(* For every basis $\Gamma$, terms $M,N\in\Lambda_R$ and type $\sigma\in\mathbb{T}$: if $\Gamma\vdash M:\sigma$ and $M\to N$, then $\Gamma\vdash N:\sigma$.
   Context: \textbf{Terms.} $\Lambda_R\ni M,N ::= x\mid\lambda x.M\mid MN\mid M.l\mid R\mid M\oplus R$, with records $R ::= \langle l_i=M_i\mid i\in I\rangle$ ($I$ finite, labels pairwise distinct), $x$ ranging over variables and $l$ over labels; $\mathit{lbl}(\langle l_i=M_i\mid i\in I\rangle)=\{l_i\mid i\in I\}$. Reduction $\to$ is the least compatible relation (closed under all term constructors) containing $(\lambda x.M)N\to M[N/x]$ (capture-avoiding substitution); $\langle l_i=M_i\mid i\in I\rangle.l_j\to M_j$ if $j\in I$; $\langle l_i=M_i\mid i\in I\rangle\oplus\langle l_j=N_j\mid j\in J\rangle\to\langle l_i=M_i,\ l_j=N_j\mid i\in I\setminus J,\ j\in J\rangle$. \textbf{Types.} $\mathbb{T}\ni\sigma ::= a\mid\omega\mid\sigma_1\to\sigma_2\mid\sigma_1\cap\sigma_2\mid\rho$, record types $\mathbb{T}_R\ni\rho ::= \langle\rangle\mid\langle l:\sigma\rangle\mid\rho_1+\rho_2\mid\rho_1\cap\rho_2$. Subtyping $\le$ is the least preorder with: $\sigma\le\omega$; $\omega\le\omega\to\omega$; $\sigma\cap\tau\le\sigma$; $\sigma\cap\tau\le\tau$; $\sigma\le\tau_1,\sigma\le\tau_2\Rightarrow\sigma\le\tau_1\cap\tau_2$; $(\sigma\to\tau_1)\cap(\sigma\to\tau_2)\le\sigma\to\tau_1\cap\tau_2$; $\sigma_2\le\sigma_1,\tau_1\le\tau_2\Rightarrow\sigma_1\to\tau_1\le\sigma_2\to\tau_2$; $\langle l:\sigma\rangle\le\langle\rangle$; $\langle l:\sigma\rangle\cap\langle l:\tau\rangle\le\langle l:\sigma\cap\tau\rangle$; $\sigma\le\tau\Rightarrow\langle l:\sigma\rangle\le\langle l:\tau\rangle$; $\rho+\langle\rangle=\langle\rangle+\rho=\rho$; $(\rho_1+\rho_2)+\rho_3=\rho_1+(\rho_2+\rho_3)$; $(\rho_1\cap\rho_2)+\rho_3=(\rho_1+\rho_3)\cap(\rho_2+\rho_3)$; $\langle l:\sigma\rangle+(\langle l:\tau\rangle\cap\rho)=\langle l:\tau\rangle\cap\rho$; $\langle l:\sigma\rangle+(\langle l':\tau\rangle\cap\rho)=\langle l':\tau\rangle\cap(\langle l:\sigma\rangle+\rho)$ if $l\neq l'$; $\rho_1\le\rho_2\Rightarrow\rho_1+\rho\le\rho_2+\rho$; $\rho_1=\rho_2\Rightarrow\rho+\rho_1=\rho+\rho_2$; where $\sigma=\tau$ means $\sigma\le\tau$ and $\tau\le\sigma$. $\mathit{lbl}(\langle\rangle)=\emptyset$, $\mathit{lbl}(\langle l:\sigma\rangle)=\{l\}$, $\mathit{lbl}(\rho_1\cap\rho_2)=\mathit{lbl}(\rho_1+\rho_2)=\mathit{lbl}(\rho_1)\cup\mathit{lbl}(\rho_2)$. \textbf{Type assignment.} A basis $\Gamma$ is a finite set $\{x_1:\sigma_1,\ldots,x_n:\sigma_n\}$ with distinct variables. Rules: $\Gamma\vdash x:\sigma$ if $x:\sigma\in\Gamma$; from $\Gamma,x:\sigma\vdash M:\tau$ infer $\Gamma\vdash\lambda x.M:\sigma\to\tau$; from $\Gamma\vdash M:\sigma\to\tau$, $\Gamma\vdash N:\sigma$ infer $\Gamma\vdash MN:\tau$; from $\Gamma\vdash M:\sigma$, $\Gamma\vdash M:\tau$ infer $\Gamma\vdash M:\sigma\cap\tau$; $\Gamma\vdash M:\omega$; from $\Gamma\vdash M:\sigma$, $\sigma\le\tau$ infer $\Gamma\vdash M:\tau$; $\Gamma\vdash\langle l_i=M_i\mid i\in I\rangle:\langle\rangle$; from $\Gamma\vdash M_k:\sigma$, $k\in I$ infer $\Gamma\vdash\langle l_i=M_i\mid i\in I\rangle:\langle l_k:\sigma\rangle$; from $\Gamma\vdash M:\langle l:\sigma\rangle$ infer $\Gamma\vdash M.l:\sigma$; from $\Gamma\vdash M:\rho_1$, $\Gamma\vdash R:\rho_2$ and $\mathit{lbl}(R)=\mathit{lbl}(\rho_2)$ infer $\Gamma\vdash M\oplus R:\rho_1+\rho_2$. *)

From Stdlib Require Import List Arith Bool.
Import ListNotations.

Definition label := nat.
Definition atom := nat.

Inductive term : Type :=
| Var : nat -> term
| Lam : term -> term
| App : term -> term -> term
| Sel : term -> label -> term
| Rec : list (label * term) -> term
| Merge : term -> list (label * term) -> term.

Definition rec_lbl (fs : list (label * term)) : list label := map fst fs.

(** Terms of Lambda_R: all records have pairwise distinct labels. *)
Inductive wf_term : term -> Prop :=
| wf_Var : forall n, wf_term (Var n)
| wf_Lam : forall M, wf_term M -> wf_term (Lam M)
| wf_App : forall M N, wf_term M -> wf_term N -> wf_term (App M N)
| wf_Sel : forall M l, wf_term M -> wf_term (Sel M l)
| wf_Rec : forall fs, NoDup (rec_lbl fs) ->
    Forall (fun p => wf_term (snd p)) fs -> wf_term (Rec fs)
| wf_Merge : forall M fs, wf_term M -> NoDup (rec_lbl fs) ->
    Forall (fun p => wf_term (snd p)) fs -> wf_term (Merge M fs).

Fixpoint lift_by (k c : nat) (M : term) : term :=
  match M with
  | Var n => if c <=? n then Var (n + k) else Var n
  | Lam M1 => Lam (lift_by k (S c) M1)
  | App M1 M2 => App (lift_by k c M1) (lift_by k c M2)
  | Sel M1 l => Sel (lift_by k c M1) l
  | Rec fs => Rec (map (fun p => (fst p, lift_by k c (snd p))) fs)
  | Merge M1 fs => Merge (lift_by k c M1) (map (fun p => (fst p, lift_by k c (snd p))) fs)
  end.

(** subst M k N : capture-avoiding substitution of N for variable k in M
    (variables above k are decremented since the binder disappears). *)
Fixpoint subst (M : term) (k : nat) (N : term) : term :=
  match M with
  | Var n => if n <? k then Var n
             else if n =? k then lift_by k 0 N
             else Var (pred n)
  | Lam M1 => Lam (subst M1 (S k) N)
  | App M1 M2 => App (subst M1 k N) (subst M2 k N)
  | Sel M1 l => Sel (subst M1 k N) l
  | Rec fs => Rec (map (fun p => (fst p, subst (snd p) k N)) fs)
  | Merge M1 fs => Merge (subst M1 k N) (map (fun p => (fst p, subst (snd p) k N)) fs)
  end.

Definition rec_merge (fs gs : list (label * term)) : list (label * term) :=
  filter (fun p => negb (existsb (Nat.eqb (fst p)) (rec_lbl gs))) fs ++ gs.
Lemma S3_forest_io_path (R : rel 'I_16) :
  symmetric R -> subrel R S3adj ->
  (forall a, #|R a| <= 2) -> (forall a, ~~ S3terminal a -> #|R a| = 2) -> forest R ->
  exists k p, [/\ uniq p, size p = 16, head ord0 p = S3in k, last ord0 p = S3out k
    & R =2 path_edge p].
Proof.
move=> R_sym R_adj R_le2 R_eq2 R_forest; set Rn := ord_rel R.
have Rn_sym : symmetric Rn := ord_rel_sym R_sym.
have Rn_edges x y : Rn x y -> edge_rel S3edges x y.
  case/and3P=> x16 y16 /R_adj; rewrite /S3adj !inordK //.
  exact: S3adjn_edge_rel.
have Rn_deg : degrees_ok (iota 0 16) S3degree_ok Rn.
  apply/allP => x; rewrite mem_iota => /andP [_ x16].
  rewrite -[x]/(val (Ordinal x16)) (@degree_ord_rel _ R Rn (fun _ _ => erefl)).
  rewrite /S3degree_ok.
  case: ifPn => [_ | inner]; first exact: R_le2.
  by rewrite R_eq2 //; apply: contra inner; apply: S3terminal_val.
apply: S3_trace_okP R_forest (degree_search_complete S3_search Rn_sym Rn_edges Rn_deg).
exact: edge_rel_mask_of.
Qed.

Theorem mainTheorem1 (T : finType) (e : rel T) (f : 'I_16 -> T) :
  symmetric e -> irreflexive e ->
  injective f ->
  (forall a b : 'I_16, e (f a) (f b) = S3adj a b) ->
  (exists y : T, y \notin codom f) ->
  (forall (a : 'I_16) (y : T), y \notin codom f -> e (f a) y -> S3terminal a) ->
  forall c : seq T, hamiltonian_cycle e c ->
  exists k : 'I_3, exists p : seq 'I_16,
    [/\ uniq p, size p = 16, head ord0 p = S3in k, last ord0 p = S3out k
      & forall a b : 'I_16, cycle_edge c (f a) (f b) = path_edge p a b].
Proof.
move=> e_sym _ f_inj f_adj outside outside_terminal c c_ham.
apply: (S3_forest_io_path (R := cycle_trace c f)).
- exact: cycle_trace_sym.
- by move=> a b /(cycle_trace_edge e_sym c_ham); rewrite f_adj.
- by move=> a; apply: (cycle_trace_card_le2 c_ham f_inj).
- move=> a inner; apply: (cycle_trace_card2 e_sym c_ham f_inj) => y fa_y.
  by apply: contraNT inner => y_out; apply: outside_terminal y_out fa_y.
- exact: (cycle_trace_forest c_ham f_inj).
Qed.
(* Let $M$ be a monoid of binary relations on a finite set $Q$, let $e\in M$ be an idempotent, and let $\Gamma$ be the set of strongly connected components of the restriction of $e$ to its set of fixed points. For $m\in H(e)$ define the relation $\gamma_e(m)$ on $\Gamma$ by $\gamma_e(m)=\{(\rho,\sigma)\in\Gamma\times\Gamma\mid (r,s)\in m\text{ and }(s,r)\in m^{-1}\text{ for some }r\in\rho,\ s\in\sigma\}$. Then each $\gamma_e(m)$ is a permutation of $\Gamma$, and $m\mapsto\gamma_e(m)$ is an isomorphism from the group $H(e)$ onto a group of permutations of $\Gamma$.
   Context: A monoid of relations on $Q$ is a set of binary relations on $Q$ containing the identity relation and closed under composition $mn=\{(p,q)\mid\exists r,(p,r)\in m,(r,q)\in n\}$. A fixed point of $e$ is $q$ with $(q,q)\in e$. $H(e)$ denotes the $\mathcal H$-class of $e$ in $M$ (Green's relation $\mathcal H=\mathcal R\cap\mathcal L$); since it contains the idempotent $e$ it is a group with identity $e$, and $m^{-1}$ denotes the inverse of $m$ in this group. *)

From mathcomp Require Import all_boot.
Set Implicit Arguments. Unset Strict Implicit. Unset Printing Implicit Defensive.

Section Defs.
Variable T : finType.

Definition rcomp (m n : {set T * T}) : {set T * T} :=
  [set pq | [exists r, ((pq.1, r) \in m) && ((r, pq.2) \in n)]].

Definition idrel : {set T * T} := [set pq | pq.1 == pq.2].

Definition is_rel_monoid (M : {set {set T * T}}) : Prop :=
  idrel \in M /\ (forall m n, m \in M -> n \in M -> rcomp m n \in M).

(* Green's relations (M contains the identity, so M^1 = M) *)
Definition greenR (M : {set {set T * T}}) (a b : {set T * T}) : bool :=
  [exists x in M, a == rcomp b x] && [exists y in M, b == rcomp a y].
Definition greenL (M : {set {set T * T}}) (a b : {set T * T}) : bool :=
  [exists x in M, a == rcomp x b] && [exists y in M, b == rcomp y a].

Definition Hclass (M : {set {set T * T}}) (e : {set T * T}) : {set {set T * T}} :=
  [set m in M | greenR M m e && greenL M m e].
□ □ □
- **Aim of the exercise**: Search the entries above for the word "NoDup", and copy every line where it occurs.

- **Answer section**:
| wf_Rec : forall fs, NoDup (rec_lbl fs) ->
| wf_Merge : forall M fs, wf_term M -> NoDup (rec_lbl fs) ->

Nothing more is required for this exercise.